__ASSIGNMENT__:
The expected answer is the set of lines in the data below between the line holding "repeat match goal with" and the line holding "((r + k == l) || (l + k", inclusive, written out exactly.

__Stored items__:
(* Let $m\ge2$, $\alpha,\beta\in\mathbb C$, and let $A_{\alpha,\beta}$ be the $m\times m$ tridiagonal matrix with ones on the sub- and superdiagonal, $(1,1)$ entry $\alpha$, $(m,m)$ entry $\beta$, and zeros elsewhere. For $1\le i\le m-1$ let $$P_i^{(\alpha,\beta)}=T_m(z^i+z^{-i})+H_i^{(\alpha)}+J_mH_i^{(\beta)}J_m,$$ and $P_0^{(\alpha,\beta)}=I_m$. Then for every $n=1,\ldots,m-1$, $$A_{\alpha,\beta}^n=\sum_{i=0}^{\lfloor (n-1)/2\rfloor}\binom{n}{i}P_{n-2i}^{(\alpha,\beta)}+\varphi_nI_m,$$ where $\varphi_n=0$ if $n$ is odd and $\varphi_n=\binom{n}{n/2}$ if $n$ is even.
   Context: $I_m$ is the $m\times m$ identity and $J_m$ the $m\times m$ permutation matrix with ones on the anti-diagonal. $T_m(z^i+z^{-i})$ is the $m\times m$ symmetric Toeplitz matrix with ones on the $i$-th super- and subdiagonal and zeros elsewhere. For $\gamma\in\mathbb C$, let $\theta_\gamma=\gamma^2-1$, $h_1^{\gamma}(z)=\gamma z$ and $h_n^{\gamma}(z)=\theta_\gamma\sum_{j=1}^{n-1}\gamma^{n-j-1}z^j+\gamma z^n$ for $n\ge2$; $H_i^{(\gamma)}$ is the $m\times m$ Hankel matrix whose $(k,l)$ entry is the coefficient of $z^{k+l-1}$ in $h_i^{\gamma}(z)$ (i.e. the leading $m\times m$ principal submatrix of the semi-infinite Hankel matrix with first column the coefficient vector of $h_i^\gamma$). *)

From HB Require Import structures.
From mathcomp Require Import all_boot all_order all_algebra.
From mathcomp Require Export complex.
Set Implicit Arguments. Unset Strict Implicit. Unset Printing Implicit Defensive.
Import Order.TTheory GRing.Theory Num.Theory.
Local Open Scope ring_scope.

Section Defs.
Variable (C : comNzRingType).

(* A_{alpha,beta}: tridiagonal, (1,1) = alpha, (m,m) = beta (0-indexed: (0,0), (m-1,m-1)). *)
Definition Aab (m : nat) (a b : C) : 'M[C]_m :=
  \matrix_(k < m, l < m)
    if k == l :> nat then
      (if k == 0%N :> nat then a else if k == m.-1 :> nat then b else 0)
    else (((k.+1 == l :> nat) || (l.+1 == k :> nat))%:R : C).

(* T_m(z^i + z^-i) *)
Definition Tsym (m i : nat) : 'M[C]_m :=
  \matrix_(k < m, l < m) (((k + i == l)%N || (l + i == k)%N)%:R : C).

Definition Jm (m : nat) : 'M[C]_m :=
  \matrix_(k < m, l < m) ((k + l == m.-1)%N%:R : C).

Definition theta (g : C) : C := g ^+ 2 - 1.

Definition hpoly (g : C) (n : nat) : {poly C} :=
  if n == 1%N then g *: 'X
  else theta g *: (\sum_(1 <= j < n) (g ^+ (n - j - 1)) *: 'X^j) + g *: 'X^n.

(* H_i^{(gamma)}: (k,l) entry (1-indexed) = coef of z^{k+l-1}; 0-indexed: z^{k+l+1} *)
Definition Hank (m : nat) (g : C) (i : nat) : 'M[C]_m :=
  \matrix_(k < m, l < m) (hpoly g i)`_(k + l + 1).

Definition Pab (m : nat) (a b : C) (i : nat) : 'M[C]_m :=
  if i == 0%N then 1%:M
  else Tsym m i + Hank m a i + Jm m *m Hank m b i *m Jm m.

Definition phin (n : nat) : C := if odd n then 0 else ('C(n, n./2))%:R.
End Defs.

From mathcomp Require Import all_boot all_order all_algebra.
From mathcomp Require Import ring zify.
Import GRing.Theory.
Set Implicit Arguments. Unset Strict Implicit.
Local Open Scope ring_scope.

(* The matrices P_k satisfy P_k A = P_(k+1) + P_(k-1), and P_1 A = P_2 + 2 P_0,
   as long as k + 2 <= m: this is how z^k + z^-k behaves under multiplication
   by z + z^-1.  Hence A^n is read off (z + z^-1)^n = sum_k C(n, (n-k)/2) z^k by
   replacing z^k + z^-k with P_k.  The recurrence is checked entrywise: in an
   inner column, multiplying by A shifts the Hankel coefficients,
   (h_(k+1))_(t+1) = (h_k)_t; in the first and last columns, the corner entry
   gamma of A is absorbed by h_(k+1) = gamma h_k + gamma z^(k+1) - z^k. *)

Section HpolyCoef.
Variables (C : comNzRingType) (g : C).

Lemma hpoly_coef k t : (hpoly g k)`_t =
  if (0 < t < k)%N then theta g * g ^+ (k - t - 1) else if t == k then g else 0.
Proof.
rewrite /hpoly; case: eqP => [->|_].
  by rewrite coefZ coefX; case: t => [|[|t]]; rewrite ?mulr0 ?mulr1.
rewrite coefD !coefZ coefXn coef_sum.
under eq_bigr => j _ do rewrite coefZ coefXn mulr_natr mulrb eq_sym.
rewrite -big_mkcond big_nat1_eq /=.
case: ifP => [/andP[t_gt0 t_lt]|_]; first by rewrite (ltn_eqF t_lt) mulr0 addr0.
by rewrite mulr0 add0r; case: eqP; rewrite ?mulr1 ?mulr0.
Qed.

Lemma hpoly_coef_gt k t : (k < t)%N -> (hpoly g k)`_t = 0.
Proof. by move=> lt_kt; rewrite hpoly_coef gtn_eqF // ifF //; lia. Qed.

Lemma hpoly_coefSS k t : (0 < t)%N -> (hpoly g k.+1)`_t.+1 = (hpoly g k)`_t.
Proof. by move=> t_gt0; rewrite !hpoly_coef /= ltnS t_gt0 eqSS subSS. Qed.

Lemma hpoly_coefS k t : (0 < t)%N ->
  (hpoly g k.+1)`_t = g * (hpoly g k)`_t + g * (t == k.+1)%:R - (t == k)%:R.
Proof.
move=> t_gt0; rewrite !hpoly_coef t_gt0 /=.
case: (ltngtP t k) => [lt_tk|lt_kt|->].
- have lt_tk1 : (t < k.+1)%N by lia.
  rewrite lt_tk1 (ltn_eqF lt_tk1).
  have -> : (k.+1 - t - 1 = (k - t - 1).+1)%N by lia.
  by rewrite exprS subr0 mulr0 addr0 mulrCA.
- rewrite ltnNge lt_kt /= mulr0 subr0 add0r.
  by case: eqP; rewrite ?mulr1 ?mulr0.
- rewrite ltnSn (ltn_eqF (ltnSn k)) subSnn subnn /theta /=; ring.
Qed.

End HpolyCoef.

Ltac case_nat_tests :=
  repeat match goal with
  | |- context [?x == ?y] => case: (eqVneq x y) => ?; try (exfalso; lia)
  | |- context [(?x < ?y)%N] => case: (ltnP x y) => ?; try (exfalso; lia)
  end.

Section Entries.
Variables (C : comNzRingType) (m : nat).

Lemma Jm_rowsub : Jm C m = rowsub (@rev_ord m) 1%:M.
Proof.
apply/matrixP => i j; rewrite !mxE; congr (_%:R).
by rewrite -val_eqE /=; have := ltn_ord i; lia.
Qed.

Lemma Jm_conjE (M : 'M[C]_m) i j : (Jm C m *m M *m Jm C m) i j = M (rev_ord i) (rev_ord j).
Proof.
have Jm_colsub : Jm C m = colsub (@rev_ord m) 1%:M.
  apply/matrixP => k l; rewrite Jm_rowsub !mxE; congr (_%:R).
  by rewrite -!val_eqE /=; have := ltn_ord k; have := ltn_ord l; lia.
rewrite {1}Jm_rowsub -rowsubE Jm_colsub mulmx_colsub mulmx1.
by rewrite !mxE.
Qed.

Variables (a b : C).

Definition pab_coef (k r l : nat) : C :=
  ((r + k == l) || (l + k == r))%:R + (hpoly a k)`_(r + l + 1)
  + (hpoly b k)`_(m.-1 - r + (m.-1 - l) + 1).

Lemma Pab_coefE k i j : Pab m a b k i j = pab_coef k i j.
Proof.
rewrite /Pab /pab_coef; case: eqP => [->|_].
  rewrite !hpoly_coef_gt ?addn1 // !mxE !addr0 -val_eqE /=.
  by congr (_%:R); lia.
rewrite 2!mxE Jm_conjE !mxE /=.
by congr (_ + _); congr (_`_ _); have := ltn_ord i; have := ltn_ord j; lia.
Qed.

Hypothesis m_ge2 : (2 <= m)%N.

Definition mulA_coef (f : nat -> nat -> C) (r l : nat) : C :=
  (0 < l)%:R * f r l.-1 + (l.+1 < m)%:R * f r l.+1
  + ((l == 0)%:R * a + (l == m.-1)%:R * b) * f r l.

Lemma mulmx_Aab (f : nat -> nat -> C) :
  (\matrix_(i < m, j < m) f i j) *m Aab m a b = \matrix_(i, j) mulA_coef f i j.
Proof.
apply/matrixP => i j; rewrite !mxE /mulA_coef.
under eq_bigr => s _ do rewrite !mxE.
rewrite -(big_mkord xpredT (fun s => f i s * (if s == j then
  (if s == 0 then a else if s == m.-1 then b else 0) else ((s.+1 == j) || (j.+1 == s))%:R))).
move: (nat_of_ord j) (ltn_ord j) (nat_of_ord i) => {}j lt_jm {}i.
rewrite (eq_big_nat _ _ (F2 := fun s => (if s == j.-1 then (0 < j)%:R * f i s else 0)
  + (if s == j.+1 then f i s else 0)
  + (if s == j then ((j == 0)%:R * a + (j == m.-1)%:R * b) * f i s else 0))); last first.
  move=> s _; case_nat_tests; rewrite /=; ring.
by rewrite !big_split /= -!big_mkcond !big_nat1_eq; case_nat_tests; rewrite /=; ring.
Qed.

Lemma pab_coef_mulA k r l : (k.+3 <= m)%N -> (r < m)%N -> (l < m)%N ->
  mulA_coef (pab_coef k.+1) r l
  = pab_coef k.+2 r l + pab_coef k r l + ((k == 0) && (r == l))%:R.
Proof.
move=> k_lt r_lt l_lt; rewrite /mulA_coef /pab_coef.
have [l0|l_gt0] := posnP l.
  subst l; rewrite m_ge2 (ltn_eqF (_ : 0 < m.-1)%N); last lia.
  rewrite !addn1 !addn0 subn0 (hpoly_coefSS a k (t := r.+1)) //.
  rewrite (hpoly_coefS a k.+1 (t := r.+1)) // !(hpoly_coef_gt b); try lia.
  by case_nat_tests; rewrite /=; ring.
have [l_int|l_last] := ltnP l.+1 m; last first.
  have {l_last} -> : l = m.-1 by lia.
  rewrite eqxx.
  have -> : (m.-1 - r + (m.-1 - m.-2) + 1 = (m.-1 - r).+2)%N by lia.
  rewrite subnn addn0 !addn1 (hpoly_coefSS b k (t := (m.-1 - r).+1)) //.
  rewrite (hpoly_coefS b k.+1 (t := (m.-1 - r).+1)) // !(hpoly_coef_gt a); try lia.
  by case_nat_tests; rewrite /=; ring.
rewrite (ltn_eqF (_ : l < m.-1)%N); last lia.
have -> : (r + l.-1 + 1 = (r + l.-1).+1)%N by lia.
have -> : (r + l + 1 = (r + l.-1).+2)%N by lia.
have -> : (r + l.+1 + 1 = (r + l.-1).+3)%N by lia.
have -> : (m.-1 - r + (m.-1 - l.-1) + 1 = (m.-1 - r + (m.-1 - l.+1)).+3)%N by lia.
have -> : (m.-1 - r + (m.-1 - l) + 1 = (m.-1 - r + (m.-1 - l.+1)).+2)%N by lia.
set s := (r + l.-1)%N; set u := (m.-1 - r + (m.-1 - l.+1))%N; rewrite [(u + 1)%N]addn1.
rewrite (hpoly_coefSS a k.+1 (t := s.+1)) // (hpoly_coefSS a k (t := s.+2)) //.
rewrite (hpoly_coefSS b k.+1 (t := u.+1)) // (hpoly_coefSS b k (t := u.+2)) //.
by case_nat_tests; rewrite /=; ring.
Qed.

Lemma Aab_Pab1 : Aab m a b = Pab m a b 1.
Proof.
apply/matrixP => i j; rewrite Pab_coefE /pab_coef !hpoly_coef !mxE.
move: (ltn_ord i) (ltn_ord j) => ? ?.
by case_nat_tests; rewrite /=; ring.
Qed.

Lemma Pab_mulA k : (k.+2 <= m)%N ->
  Pab m a b k *m Aab m a b
  = Pab m a b k.+1 + Pab m a b k.-1 *+ (0 < k)%N + Pab m a b 0 *+ (k == 1).
Proof.
case: k => [_|k k_lt]; first by rewrite mul1mx Aab_Pab1 !mulr0n !addr0.
have -> : Pab m a b k.+1 = \matrix_(i, j) pab_coef k.+1 i j.
  by apply/matrixP => i j; rewrite mxE Pab_coefE.
rewrite /= mulr1n -[Pab m a b 0]/1%:M; apply/matrixP => i j.
rewrite mulmx_Aab [LHS]mxE pab_coef_mulA // [RHS]mxE [X in _ = X + _]mxE !Pab_coefE mulmxnE !mxE.
by rewrite eqSS; case: (k == 0); rewrite /= ?mulr0n ?mulr1n.
Qed.

End Entries.

(* The coefficient of z^k in (z + z^-1)^n. *)
Definition zbinom (n k : nat) : nat :=
  if ((k <= n) && ~~ odd (n + k))%N then 'C(n, (n - k)./2) else 0.

Lemma zbinom_gt n k : (n < k)%N -> zbinom n k = 0%N.
Proof. by move=> lt_nk; rewrite /zbinom ifF //; lia. Qed.

Lemma zbinomS0 n : zbinom n.+1 0 = (zbinom n 1).*2.
Proof.
rewrite /zbinom addn0 addn1 subn0 subn1 /= negbK.
case: (boolP (odd n)) => [n_odd|]; rewrite ?andbF //.
have [j ->] : exists j, n = j.*2.+1 by exists n./2; lia.
rewrite -[uphalf _]/(j.+1.*2./2) half_double /= half_double.
rewrite binS -['C(_, _).*2]addnn; congr (_ + _).
by rewrite -bin_sub; [congr 'C(_, _)|]; lia.
Qed.

Lemma zbinomSS n k : zbinom n.+1 k.+1 = (zbinom n k + zbinom n k.+2)%N.
Proof.
rewrite /zbinom !addnS addSn /= negbK.
case: (boolP (odd (n + k))) => [|even_nk]; first by rewrite !andbF.
rewrite !andbT ltnS; case: (ltngtP k n) => [lt_kn|lt_nk|<-].
- have [j def_j] : exists j, (n - k)./2 = j.+1 by exists (n - k)./2.-1; lia.
  rewrite subSS def_j ifT; last by lia.
  by rewrite (_ : (n - k.+2)./2 = j) ?binS //; lia.
- by rewrite ifF //; lia.
- by rewrite !subnn !bin0 ltnNge leqnSn.
Qed.

Lemma sum_zbinomS (V : nmodType) (P : nat -> V) N n : (n.+2 <= N)%N ->
  \sum_(0 <= k < N) P k *+ zbinom n.+1 k
  = \sum_(0 <= k < N) (P k.+1 + P k.-1 *+ (0 < k)%N + P 0 *+ (k == 1)) *+ zbinom n k.
Proof.
case: N => [|[|N]] // le_nN.
rewrite big_nat_recl // zbinomS0.
under eq_bigr => k _ do rewrite zbinomSS mulrnDr.
under [RHS]eq_bigr => k _ do rewrite !mulrnDl.
rewrite !big_split /=.
rewrite [X in _ = _ + _ + X]big_nat_recl // [X in _ = _ + _ + (_ + X)]big_nat_recl //.
rewrite [X in _ = _ + _ + (_ + (_ + X))]big1 => [|k _]; last by rewrite mul0rn.
rewrite [X in _ = _ + X + _]big_nat_recl //= [X in _ = _ + (_ + X) + _]big_nat_recl //=.
rewrite [X in _ = X + _ + _]big_nat_recr //= [X in _ + (_ + X) = _]big_nat_recr //=.
rewrite (zbinom_gt (k := N.+1)) ?(zbinom_gt (k := N.+2)); try lia.
rewrite !mulr0n !mul0rn !addr0 !add0r -addnn mulrnDr.
under [X in _ = _ + (_ + X) + _]eq_bigr => i _ do rewrite mulr1n.
by rewrite !mulr1n [RHS]addrC [X in _ = _ + X]addrCA !addrA.
Qed.

Lemma zbinomE n k :
  zbinom n k = (\sum_(0 <= j < n./2.+1) (k == n - 2 * j) * 'C(n, j))%N.
Proof.
under eq_big_nat => j /andP[_ j_le].
  have -> : ((k == n - 2 * j) * 'C(n, j)
      = if j == (n - k)./2 then ((k <= n) && ~~ odd (n + k)) * 'C(n, j) else 0)%N.
    case: (eqVneq j (n - k)./2) => [->|ne]; case: (eqVneq k (n - 2 * _)%N) => ?;
      case: (boolP ((k <= n) && ~~ odd (n + k))%N) => ?; rewrite ?mul0n ?mul1n //; lia.
  over.
rewrite -big_mkcond big_nat1_eq /zbinom [RHS]ifT; last lia.
by case: (_ && _); rewrite ?mul0n ?mul1n.
Qed.

Lemma sum_zbinom (V : nmodType) (P : nat -> V) N n : (n < N)%N ->
  \sum_(0 <= k < N) P k *+ zbinom n k
  = \sum_(0 <= j < n./2.+1) P (n - 2 * j)%N *+ 'C(n, j).
Proof.
move=> lt_nN; under eq_bigr => k _ do rewrite zbinomE -sumrMnr.
rewrite exchange_big_nat /=; apply: eq_bigr => j _.
under eq_bigr => k _ do rewrite mulnC mulrnA mulrb.
by rewrite -big_mkcond big_nat1_eq ifT //; lia.
Qed.

Lemma sum_binom_central (C : comNzRingType) (V : lmodType C) (P : nat -> V) n :
  (0 < n)%N ->
  \sum_(0 <= j < n./2.+1) P (n - 2 * j)%N *+ 'C(n, j)
  = \sum_(0 <= j < (n.-1)./2.+1) ('C(n, j))%:R *: P (n - 2 * j)%N + phin C n *: P 0.
Proof.
move=> n_gt0; under eq_bigr => j _ do rewrite -scaler_nat.
rewrite /phin; case: (boolP (odd n)) => [n_odd|n_even].
  by rewrite scale0r addr0 (_ : n./2 = (n.-1)./2) //; lia.
rewrite (_ : n./2 = (n.-1)./2.+1); last lia.
by rewrite big_nat_recr //= (_ : n - 2 * (n.-1)./2.+1 = 0)%N; first congr (_ + (_ *: _)); lia.
Qed.

Section Powers.
Variables (C : comNzRingType) (m : nat) (a b : C).
Hypothesis m_ge2 : (2 <= m)%N.

Lemma expA_zbinom n : (n < m)%N ->
  Aab m a b ^+ n = \sum_(0 <= k < m) Pab m a b k *+ zbinom n k.
Proof.
elim: n => [_|n IHn lt_nm].
  by rewrite expr0 sum_zbinom; [rewrite big_nat1 mulr1n | lia].
rewrite exprSr IHn 1?ltnW // -mulmxE mulmx_suml sum_zbinomS //.
apply: eq_big_nat => k _; rewrite -scaler_nat -scalemxAl scaler_nat.
have [le_kn|lt_nk] := leqP k n; first by rewrite Pab_mulA //; lia.
by rewrite zbinom_gt // !mulr0n.
Qed.

End Powers.

Local Open Scope complex_scope.

Theorem mainTheorem10 (R : rcfType) (m : nat) (a b : R[i]) :
  (2 <= m)%N ->
  forall n : nat, (1 <= n <= m.-1)%N ->
    (Aab m a b) ^+ n =
      \sum_(0 <= j < (n.-1)./2.+1) ('C(n, j))%:R *: Pab m a b (n - 2 * j)
      + phin R[i] n *: 1%:M.
Proof.
move=> m_ge2 n /andP[n_gt0 n_le].
rewrite expA_zbinom // ?sum_zbinom ?sum_binom_central //; lia.
Qed.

__EXERCISE ANSWER__:
  repeat match goal with
  | |- context [?x == ?y] => case: (eqVneq x y) => ?; try (exfalso; lia)
  | |- context [(?x < ?y)%N] => case: (ltnP x y) => ?; try (exfalso; lia)
  end.

Section Entries.
Variables (C : comNzRingType) (m : nat).

Lemma Jm_rowsub : Jm C m = rowsub (@rev_ord m) 1%:M.
Proof.
apply/matrixP => i j; rewrite !mxE; congr (_%:R).
by rewrite -val_eqE /=; have := ltn_ord i; lia.
Qed.

Lemma Jm_conjE (M : 'M[C]_m) i j : (Jm C m *m M *m Jm C m) i j = M (rev_ord i) (rev_ord j).
Proof.
have Jm_colsub : Jm C m = colsub (@rev_ord m) 1%:M.
  apply/matrixP => k l; rewrite Jm_rowsub !mxE; congr (_%:R).
  by rewrite -!val_eqE /=; have := ltn_ord k; have := ltn_ord l; lia.
rewrite {1}Jm_rowsub -rowsubE Jm_colsub mulmx_colsub mulmx1.
by rewrite !mxE.
Qed.

Variables (a b : C).

Definition pab_coef (k r l : nat) : C :=
  ((r + k == l) || (l + k == r))%:R + (hpoly a k)`_(r + l + 1)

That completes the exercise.